The facts, as Wall Street insider-turned-investigative journalist Nomi Prins laid them out Thursday in her talk at the Economic Policy Institute, are a damning indictment of the performance of our politicians. One year after a frenzy of financial industry bailout actions that has put American taxpayers potentially on the hook for more than $17 trillion, our national economy is even more dominated by lumbering, so-called “too big to fail” institutions who are fighting tooth-and-nail to keep risking our global economic security at the Wall Street gambling casino.
It’s not just the Nomi Prins’ of the world who are alarmed. On the same day that Prins was talking about her new book on the Wall street financial crash and its aftermath, “It Takes A Pillage,” former Federal Reserve Bank chairman Paul Volcker, now the chairman of the white House Economic Recovery Advisory Board, was raising similar alarms in testimony before the House Banking and Financial Services Committee. His concern is the moral hazard created when large institutions believe that regardless of how they behave in the marketplace, the federal government will be there to prop them up and clean up their messes.
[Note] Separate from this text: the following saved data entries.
(* Let $G$ be a simple plane graph all of whose faces, including the outer face, are triangles, and let $\Delta(G)$ be its maximum degree. Then $\lambda(G)\ge-\Delta(G)/2$. If moreover $G$ is $k$-regular and $\chi(G)=3$, then $\lambda(G)=-k/2$.
   Context: $\lambda(G)$ is the smallest adjacency eigenvalue and $\chi(G)$ the chromatic number. *)

From HB Require Import structures.
From mathcomp Require Import all_boot all_order all_algebra all_field.
Set Implicit Arguments. Unset Strict Implicit. Unset Printing Implicit Defensive.
Import Order.TTheory GRing.Theory Num.Theory.

Section Graphs.
Variable T : finType.
Implicit Type e : rel T.

Definition deg e (v : T) : nat := #|[pred w | e v w]|.
Definition max_deg e : nat := \max_(v : T) deg e v.

(* Combinatorial embedding (rotation system): rho u is a cyclic permutation of
   the neighbourhood of u (the clockwise successor of a neighbour around u). *)
Definition rotation e (rho : T -> T -> T) : Prop :=
  [/\ forall u v, e u v -> e u (rho u v),
      forall u v w, e u v -> e u w -> rho u v = rho u w -> v = w
    & forall u v w, e u v -> e u w -> fconnect (rho u) v w].

Definition face_map (rho : T -> T -> T) (d : T * T) : T * T := (d.2, rho d.2 d.1).

Definition darts e : {pred T * T} := [pred d : T * T | e d.1 d.2].
Definition num_edges e : nat := #|darts e| %/ 2.
Definition num_faces e (rho : T -> T -> T) : nat := fcard (face_map rho) (darts e).

(* A simple plane graph all of whose faces (including the outer one) are
   triangles: a connected simple graph with a rotation system of genus 0
   (Euler: V - E + F = 2) in which every face has boundary length 3. *)
Definition plane_triangulation e : Prop :=
  [/\ symmetric e, irreflexive e, (forall x y, connect e x y) &
   exists rho, [/\ rotation e rho,
                   #|T| + num_faces e rho = num_edges e + 2
                 & forall d, d \in darts e -> iter 3 (face_map rho) d = d]].

Definition adjmx e : 'M[algC]_#|T| :=
  \matrix_(i, j) ((e (enum_val i) (enum_val j))%:R)%R.

Definition is_min_eigenvalue n (A : 'M[algC]_n) (l : algC) : Prop :=
  eigenvalue A l /\ forall m, eigenvalue A m -> (l <= m)%R.

Definition colorable e (k : nat) : bool :=
  [exists c : {ffun T -> 'I_k}, [forall x, forall y, e x y ==> (c x != c y)]].

Definition chromatic_number e (k : nat) : Prop :=
  colorable e k /\ forall j, colorable e j -> k <= j.

End Graphs.

From HB Require Import structures.
From mathcomp Require Import all_boot all_order all_algebra all_field.
From mathcomp Require Import ring.
Import Order.TTheory GRing.Theory Num.Theory.
Local Open Scope ring_scope.
Set Implicit Arguments. Unset Strict Implicit.

(* Let f be the face-tracing permutation of the darts.  All faces being
   triangles, f^3 = 1, and the face of the dart (u, v) is {u, v, w} with
   w = (f (u, v)).2.  Summing |x u + x v + x w|^2 over all darts, and using
   that f permutes the darts, gives 3 (sum_v deg v |x v|^2 + 2 x^* A x) >= 0;
   for an eigenvector x of A with eigenvalue a this reads
   0 <= (Delta + 2 a) |x|^2.
   For the equality case, rho s exchanges the neighbours of s of the two
   colours other than that of s, so a proper 3-colouring splits every
   neighbourhood evenly; the vector equal to 2 on one colour class and -1
   elsewhere is then an eigenvector for -k/2. *)

Lemma real_seq_min (R : numDomainType) (r : seq R) :
  r != [::] -> {in r, forall z, z \is Num.real} ->
  exists2 m, m \in r & {in r, forall z, m <= z}.
Proof.
elim: r => // a r IH _ r_real.
have a_real : a \is Num.real by apply: r_real; rewrite mem_head.
have [-> | /IH [|m m_r m_min]] := eqVneq r [::].
- by exists a; rewrite ?mem_head // => z; rewrite inE => /eqP ->.
- by move=> z z_r; apply: r_real; rewrite inE z_r orbT.
have m_real : m \is Num.real by apply: r_real; rewrite inE m_r orbT.
have [am | ma] := real_leP a_real m_real.
- exists a; first exact: mem_head.
  by move=> z; rewrite inE => /predU1P [-> // | /m_min]; apply: le_trans.
- exists m; first by rewrite inE m_r orbT.
  by move=> z; rewrite inE => /predU1P [-> | /m_min //]; apply: ltW.
Qed.

Lemma min_eigenvalue_exists n (A : 'M[algC]_n) :
  (0 < n)%N -> (forall a, eigenvalue A a -> a \is Num.real) ->
  exists l, is_min_eigenvalue A l.
Proof.
move=> n_gt0 eig_real.
have [r char_r] := closed_field_poly_normal (char_poly A).
rewrite (monicP (char_poly_monic A)) scale1r in char_r.
have eigE a : eigenvalue A a = (a \in r).
  by rewrite eigenvalue_root_char char_r root_prod_XsubC.
have r_nil : r != [::].
  apply: contraTneq n_gt0 => r0; have := size_char_poly A.
  by rewrite char_r r0 big_nil size_poly1 => -[<-].
have [|l l_r l_min] := real_seq_min r_nil.
  by move=> a; rewrite -eigE; apply: eig_real.
by exists l; split=> [|m]; rewrite eigE // => /l_min.
Qed.

Lemma ord3_third : forall a b c d : 'I_3,
  a != b -> b != c -> a != c -> d != a -> d != b -> d == c.
Proof.
by move=> [[|[|[|//]]] ?] [[|[|[|//]]] ?] [[|[|[|//]]] ?] [[|[|[|//]]] ?].
Qed.

Lemma leq_card_in_inj (T : finType) (f : T -> T) (A B : {pred T}) :
  {in A &, injective f} -> {in A, forall x, f x \in B} -> (#|A| <= #|B|)%N.
Proof.
move=> f_inj fAB; rewrite -(card_in_imset f_inj); apply: subset_leq_card.
by apply/subsetP => _ /imsetP [x xA ->]; apply: fAB.
Qed.

Lemma sum_natr_pred (R : pzSemiRingType) (T : finType) (P : pred T) :
  \sum_t (P t)%:R = #|P|%:R :> R.
Proof.
rewrite -sumr_const [RHS]big_mkcond.
by apply: eq_bigr => t _; rewrite unfold_in; case: (P t).
Qed.

Lemma sum_sqr_gt0 (T : finType) (x : T -> algC) t0 :
  x t0 != 0 -> 0 < \sum_t x t * (x t)^*.
Proof.
move=> xt0; rewrite (bigD1 t0) //= ltr_wpDr ?mul_conjC_gt0 //.
by apply: sumr_ge0 => t _; apply: mul_conjC_ge0.
Qed.

Section Adjacency.
Variables (T : finType) (e : rel T).

Lemma sum_enum_val (G : T -> algC) :
  \sum_(i < #|T|) G (enum_val i) = \sum_t G t.
Proof.
rewrite (reindex enum_rank) /=; last exact/onW_bij/enum_rank_bij.
by apply: eq_bigr => t _; rewrite enum_rankK.
Qed.

Lemma eigenvalue_adjmxP a :
  eigenvalue (adjmx e) a <->
  exists2 x : T -> algC, (forall s, \sum_t x t * (e t s)%:R = a * x s)
                       & exists t, x t != 0.
Proof.
split=> [/eigenvalueP [v v_eig v_nz] | [x x_eig [t0 xt0]]].
  exists (fun t => v 0 (enum_rank t)).
    move=> s; have /rowP /(_ (enum_rank s)) := v_eig; rewrite !mxE => <-.
    rewrite -sum_enum_val; apply: eq_bigr => i _.
    by rewrite enum_valK mxE enum_rankK.
  apply/existsP; rewrite -negb_forall; apply: contra v_nz => /forallP v0.
  by apply/eqP/rowP => j; rewrite !mxE -(enum_valK j); apply/eqP/v0.
apply/eigenvalueP; exists (\row_i x (enum_val i)).
  apply/rowP => j; rewrite !mxE -x_eig -sum_enum_val.
  by apply: eq_bigr => i _; rewrite !mxE.
apply: contra xt0 => /eqP /rowP /(_ (enum_rank t0)).
by rewrite !mxE enum_rankK => ->.
Qed.

Lemma sum_darts (F : T -> T -> algC) :
  \sum_(d in darts e) F d.1 d.2 = \sum_t \sum_s (e t s)%:R * F t s.
Proof.
rewrite pair_big /= big_mkcond; apply: eq_bigr => -[t s] _ /=.
by rewrite inE; case: (e t s); rewrite ?mul1r ?mul0r.
Qed.

Lemma max_deg_regular k :
  (0 < #|T|)%N -> (forall v, deg e v = k) -> max_deg e = k.
Proof.
case/card_gt0P => t0 _ e_reg; apply/eqP; rewrite eqn_leq.
rewrite -{2}(e_reg t0) leq_bigmax andbT.
by apply/bigmax_leqP => v _; rewrite e_reg.
Qed.

Hypothesis e_sym : symmetric e.

Lemma sum_darts_swap (g : T * T -> algC) :
  \sum_(d in darts e) g (d.2, d.1) = \sum_(d in darts e) g d.
Proof.
rewrite [RHS](reindex_inj (h := fun d : T * T => (d.2, d.1))) /=.
  by apply: eq_bigl => -[u v]; rewrite !inE /= e_sym.
by move=> [u v] [u' v'] [-> ->].
Qed.

Lemma sum_adj_deg s : \sum_t (e t s)%:R = (deg e s)%:R :> algC.
Proof. by under eq_bigr do rewrite e_sym; apply: sum_natr_pred. Qed.

Section Eigenvector.
Variables (a : algC) (x : T -> algC).
Hypothesis x_eig : forall s, \sum_t x t * (e t s)%:R = a * x s.

Lemma sum_darts_eigen :
  \sum_(d in darts e) x d.1 * (x d.2)^* = a * \sum_t x t * (x t)^*.
Proof.
rewrite (sum_darts (fun t s => x t * (x s)^*)) exchange_big mulr_sumr.
apply: eq_bigr => s _; rewrite mulrA -x_eig mulr_suml.
by apply: eq_bigr => t _; rewrite mulrCA mulrA mulrC.
Qed.

Lemma sum_darts_eigen_swap :
  \sum_(d in darts e) x d.2 * (x d.1)^* = a * \sum_t x t * (x t)^*.
Proof.
by rewrite (sum_darts_swap (fun d => x d.1 * (x d.2)^*)) sum_darts_eigen.
Qed.

End Eigenvector.

Lemma adjmx_eigenvalue_real a : eigenvalue (adjmx e) a -> a \is Num.real.
Proof.
case/eigenvalue_adjmxP => x x_eig [t0 xt0].
set N := \sum_t x t * (x t)^*.
have N_gt0 : 0 < N := sum_sqr_gt0 xt0.
have aN_conj : (a * N)^* = a * N.
  rewrite -{1}(sum_darts_eigen x_eig) -(sum_darts_eigen_swap x_eig) rmorph_sum.
  by apply: eq_bigr => d _; rewrite rmorphM /= conjCK mulrC.
apply/CrealP; apply: (mulIf (lt0r_neq0 N_gt0)).
by rewrite -{1}(conj_Creal (gtr0_real N_gt0)) -rmorphM.
Qed.

End Adjacency.

Section Triangulation.
Variables (T : finType) (e : rel T) (rho : T -> T -> T).
Hypotheses (e_sym : symmetric e) (rho_rot : rotation e rho).
Hypothesis faces3 : forall d, d \in darts e -> iter 3 (face_map rho) d = d.
Local Notation f := (face_map rho).

Lemma face_map_dart d : d \in darts e -> f d \in darts e.
Proof.
by case: rho_rot => rho_nbr _ _; rewrite !inE /= => d_e; rewrite rho_nbr // e_sym.
Qed.

Lemma sum_darts_face_map (g : T * T -> algC) :
  \sum_(d in darts e) g (f d) = \sum_(d in darts e) g d.
Proof.
have f_inj : {in darts e &, injective f}.
  by move=> d d' dD d'D fdd'; rewrite -[d](faces3 dD) -[d'](faces3 d'D) /= fdd'.
rewrite -(big_imset _ f_inj); apply: eq_bigl => d; apply/imsetP/idP.
  by case=> d' d'D ->; apply: face_map_dart.
by move=> dD; exists (f (f d)); [do 2 apply: face_map_dart | exact/esym/faces3].
Qed.

Lemma triangle_form_ge0 (x : T -> algC) :
  0 <= \sum_(d in darts e)
         (x d.2 * (x d.2)^* + (x d.1 * (x d.2)^* + x d.2 * (x d.1)^*)).
Proof.
set R := fun d : T * T => x d.2 * (x d.2)^*.
set P := fun d : T * T => x d.1 * (x d.2)^* + x d.2 * (x d.1)^*.
have face_norm d : d \in darts e ->
    (x d.1 + x d.2 + x (f d).2) * (x d.1 + x d.2 + x (f d).2)^* =
    R d + R (f d) + R (f (f d)) + (P d + P (f d) + P (f (f d))).
  move=> dD; have d1E : d.1 = (f (f d)).2 by rewrite -{1}(faces3 dD).
  by rewrite /R /P d1E /= !rmorphD; ring.
rewrite -(pmulrn_lge0 _ (ltn0Sn 2)).
have -> : (\sum_(d in darts e) (R d + P d)) *+ 3 =
    \sum_(d in darts e)
      (x d.1 + x d.2 + x (f d).2) * (x d.1 + x d.2 + x (f d).2)^*.
  rewrite (eq_bigr _ face_norm); clearbody R P; rewrite !big_split /=.
  rewrite (sum_darts_face_map (fun d => R (f d))).
  rewrite (sum_darts_face_map (fun d => P (f d))).
  by rewrite !sum_darts_face_map !mulrS mulr0n; ring.
by apply: sumr_ge0 => d _; apply: mul_conjC_ge0.
Qed.

Lemma adjmx_eigenvalue_ge a :
  eigenvalue (adjmx e) a -> - ((max_deg e)%:R / 2) <= a.
Proof.
case/eigenvalue_adjmxP => x x_eig [t0 xt0].
set N := \sum_t x t * (x t)^*.
have N_gt0 : 0 < N := sum_sqr_gt0 xt0.
have deg_bound : \sum_(d in darts e) x d.2 * (x d.2)^* <= (max_deg e)%:R * N.
  rewrite (sum_darts e (fun _ s => x s * (x s)^*)) exchange_big /N mulr_sumr.
  apply: ler_sum => s _; rewrite -mulr_suml sum_adj_deg //.
  by rewrite ler_wpM2r ?mul_conjC_ge0 // ler_nat leq_bigmax.
have : 0 <= ((max_deg e)%:R + (a + a)) * N.
  apply: le_trans (triangle_form_ge0 x) _; rewrite !big_split /=.
  rewrite (sum_darts_eigen x_eig) (sum_darts_eigen_swap e_sym x_eig).
  by rewrite !mulrDl lerD2r.
rewrite pmulr_lge0 // => ge0.
rewrite -subr_ge0 opprK -(pmulr_lge0 _ (ltr0n _ 2)) mulrDl divfK ?pnatr_eq0 //.
by rewrite addrC mulr_natr mulr2n.
Qed.

Lemma rotation_adjacent s t : e s t -> e t (rho s t).
Proof.
move=> st; have ts : (t, s) \in darts e by rewrite inE /= e_sym.
(* f (f (t, s)) = (rho s t, t), since f^3 fixes (t, s). *)
have /face_map_dart := face_map_dart ts; rewrite inE /=.
by rewrite -[X in e _ X]/((iter 3 f (t, s)).1) faces3 // e_sym.
Qed.

Variables (c : T -> 'I_3) (p : 'I_3).
Hypothesis c_proper : forall u v, e u v -> c u != c v.

Lemma card_nbr_colour s :
  c s != p -> (#|[pred t | e s t && (c t == p)]|.*2 = deg e s)%N.
Proof.
move=> csp; case: rho_rot => rho_nbr rho_inj _.
set A := [pred t | e s t && (c t == p)].
set B := [pred t | e s t && (c t != p)].
have rho_s_inj (C : {pred T}) : {subset C <= [pred t | e s t]} ->
    {in C &, injective (rho s)}.
  by move=> CN u v /CN uN /CN vN; apply: rho_inj.
have rhoAB : {in A, forall t, rho s t \in B}.
  move=> t /andP [st /eqP ctp]; rewrite inE rho_nbr //= -ctp eq_sym.
  exact/c_proper/rotation_adjacent.
have rhoBA : {in B, forall t, rho s t \in A}.
  move=> t /andP [st ctp]; rewrite inE rho_nbr //=.
  have stt := rho_nbr _ _ st; have ttt := rotation_adjacent st.
  by apply: (ord3_third (c_proper st)); rewrite // eq_sym ?c_proper // eq_sym.
have leAB : (#|A| <= #|B|)%N.
  by apply: leq_card_in_inj rhoAB; apply: rho_s_inj => t /andP [].
have leBA : (#|B| <= #|A|)%N.
  by apply: leq_card_in_inj rhoBA; apply: rho_s_inj => t /andP [].
have AB : (#|A| + #|B| = deg e s)%N.
  rewrite /deg -(cardID [pred t | c t == p] [pred t | e s t]).
  by congr (_ + _)%N; apply: eq_card => t; rewrite !inE // andbC.
have eqAB : #|A| = #|B| by apply/anti_leq; rewrite leAB leBA.
by rewrite -AB -eqAB addnn.
Qed.

Lemma colour_eigenvector k : (forall v, deg e v = k) ->
  forall s, \sum_t (if c t == p then 2 else -1) * (e t s)%:R
            = - (k%:R / 2) * (if c s == p then 2 else -1) :> algC.
Proof.
move=> e_reg s; set Np := [pred t | e s t && (c t == p)].
have sum_Np : \sum_t (if c t == p then 2 else -1) * (e t s)%:R
              = 3 * #|Np|%:R - k%:R :> algC.
  rewrite -(e_reg s) -sum_adj_deg // -sum_natr_pred mulr_sumr -sumrB.
  apply: eq_bigr => t _; rewrite /Np /= e_sym.
  by case: (e s t); case: (c t == p) => /=; ring.
rewrite sum_Np; case: eqP => [csp | /eqP csp].
  suff -> : #|Np| = 0%N by rewrite mulr0 sub0r mulNr divfK ?pnatr_eq0.
  apply: eq_card0 => t; rewrite !inE; apply/andP => -[st /eqP ctp].
  by have := c_proper st; rewrite ctp csp eqxx.
rewrite -(e_reg s) -(card_nbr_colour csp) -mul2n natrM.
by rewrite /Np; field.
Qed.

End Triangulation.

Lemma euler_card_gt0 (T : finType) (e : rel T) (rho : T -> T -> T) :
  (#|T| + num_faces e rho = num_edges e + 2)%N -> (0 < #|T|)%N.
Proof.
case: (posnP #|T|) => // T0.
have darts0 (A : {pred T * T}) : #|A| = 0%N.
  by apply: eq_card0 => d; have := card0_eq T0 d.1.
by rewrite /num_faces /n_comp_mem /num_edges !darts0 T0.
Qed.

Theorem mainTheorem16 (T : finType) (e : rel T) :
  plane_triangulation e ->
  (exists l : algC, is_min_eigenvalue (adjmx e) l /\ - ((max_deg e)%:R / 2) <= l) /\
  (forall k : nat, (forall v, deg e v = k) -> chromatic_number e 3 ->
     is_min_eigenvalue (adjmx e) (- (k%:R / 2))).
Proof.
move=> [e_sym _ _ [rho [rho_rot euler faces3]]].
have T_gt0 := euler_card_gt0 euler.
have eig_ge := adjmx_eigenvalue_ge e_sym rho_rot faces3.
split.
  have [|l l_min] := @min_eigenvalue_exists _ (adjmx e) T_gt0.
    exact: adjmx_eigenvalue_real.
  by exists l; split; last exact: eig_ge l_min.1.
move=> k e_reg [/existsP [c /forallP c_proper] _].
have {}c_proper u v : e u v -> c u != c v.
  by move=> uv; have /forallP /(_ v) := c_proper u; rewrite uv.
have [t0 _] := card_gt0P T_gt0.
split=> [|m]; last by rewrite -(max_deg_regular T_gt0 e_reg); apply: eig_ge.
apply/eigenvalue_adjmxP; exists (fun t => if c t == c t0 then 2 else -1).
  exact: (colour_eigenvector e_sym rho_rot faces3 (c t0) c_proper e_reg).
by exists t0; rewrite eqxx pnatr_eq0.
Qed.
However well justified in terms of dealing with the extreme threats to the financial system in the midst of crisis, the emergency actions of the Federal Reserve, the Treasury, and ultimately the Congress to protect the viability of particular institutions – their bond holders and to some extent even their stockholders – have inevitably left an indelible mark on attitudes and behavior patterns of market participants.
As a result, as Prins said, even though Wall Street as well as Main Street was burned badly by the trading of derivatives, credit default swaps and other exotic financial instruments—including bundles of what turned out to be fraudulently issued mortgages—we now have “more risk this year, more profits, more bonuses, more consumer losses. There is no change there, except to worsen.”
“Too Big To Fail Shouldn’t Be”
Nomi Prins, senior fellow at Demos, speaks Thursday at the Economic Policy Institute.
The thrust of the solutions now being considered by the Obama administration and Democratic leaders in Congress are largely confined to managing the financial system, when the real solutions lie closer to a full-scale restructuring.
The banking institutions that got themselves into trouble by gambling with investor dollars in exotic, high-risk financial instruments—pursuing the reward of six- , seven- and even eight-figure bonuses—are now making new gambles with taxpayer dollars, Prins said. “That needs to change, and the way to change that is to make the banks smaller. If banks are too big to fail— they shouldn’t be.”
If there are financial institutions that want to keep playing high-stakes poker on Wall Street, they should be willing to accept a bit of Capitalism 101: If you lose, you lose. You don’t get to give a ransom note to the rest of society that says if you don’t get a government bailout, you’ll bring down the whole economy.
That’s the way it used to be before conservatives, in the name of freeing up financial markets, in the 1980s effectively dismantled the Glass-Steagall Act, which walled off consumer banking from other investment businesses. The ironic result is today’s socialized risk, compounded by the fact that what has emerged from last year’s Wall Street wreckage are even larger financial behemoths—Bank of America, Chase and Walls Fargo—that are spending millions of dollars fighting financial regulations that would constrain their behavior.
Volcker disagrees with the left on some policy solutions, but he does support rebuilding some of the walls so that only the bettors, not the taxpayers, pay for bad bets in the marketplace:
As a general matter, I would exclude from commercial banking institutions, which are potential beneficiaries of official (i.e., taxpayer) financial support, certain risky activities entirely suitable for our capital markets.
Ownership or sponsorship of hedge funds and private equity funds should be among those prohibited activities. So should in my view a heavy volume of proprietary trading with its inherent risks. Some trading, it is reasonably argued, is necessary as part of a full service customer relationship. The distinction between “proprietary” and “customer-related” may be cloudy at the border. But surely by the active use of capital requirements and the exercise of supervisory authority, appropriate restraint can be maintained.
But since such allies of the status quo as the U.S. Chamber of Commerce are spending millions of dollars to fight something that should be a given—a consumer financial regulatory agency that would protect ordinary people from unscrupulous and opaque financial deals—it has proven difficult to get a more forceful and progressive agenda on the table.
Groups such as Americans for Financial Reform and Jobs for Justice are nonetheless pushing that envelope, using demonstrations and other tactics starting this week to push the “break up the banks” message. At EPI on Thursday, Heather Booth, the executive director of Americans for financial Reform, was optimistic. “It’s a David and Goliath battle,” she said. “But we know how that turned out.”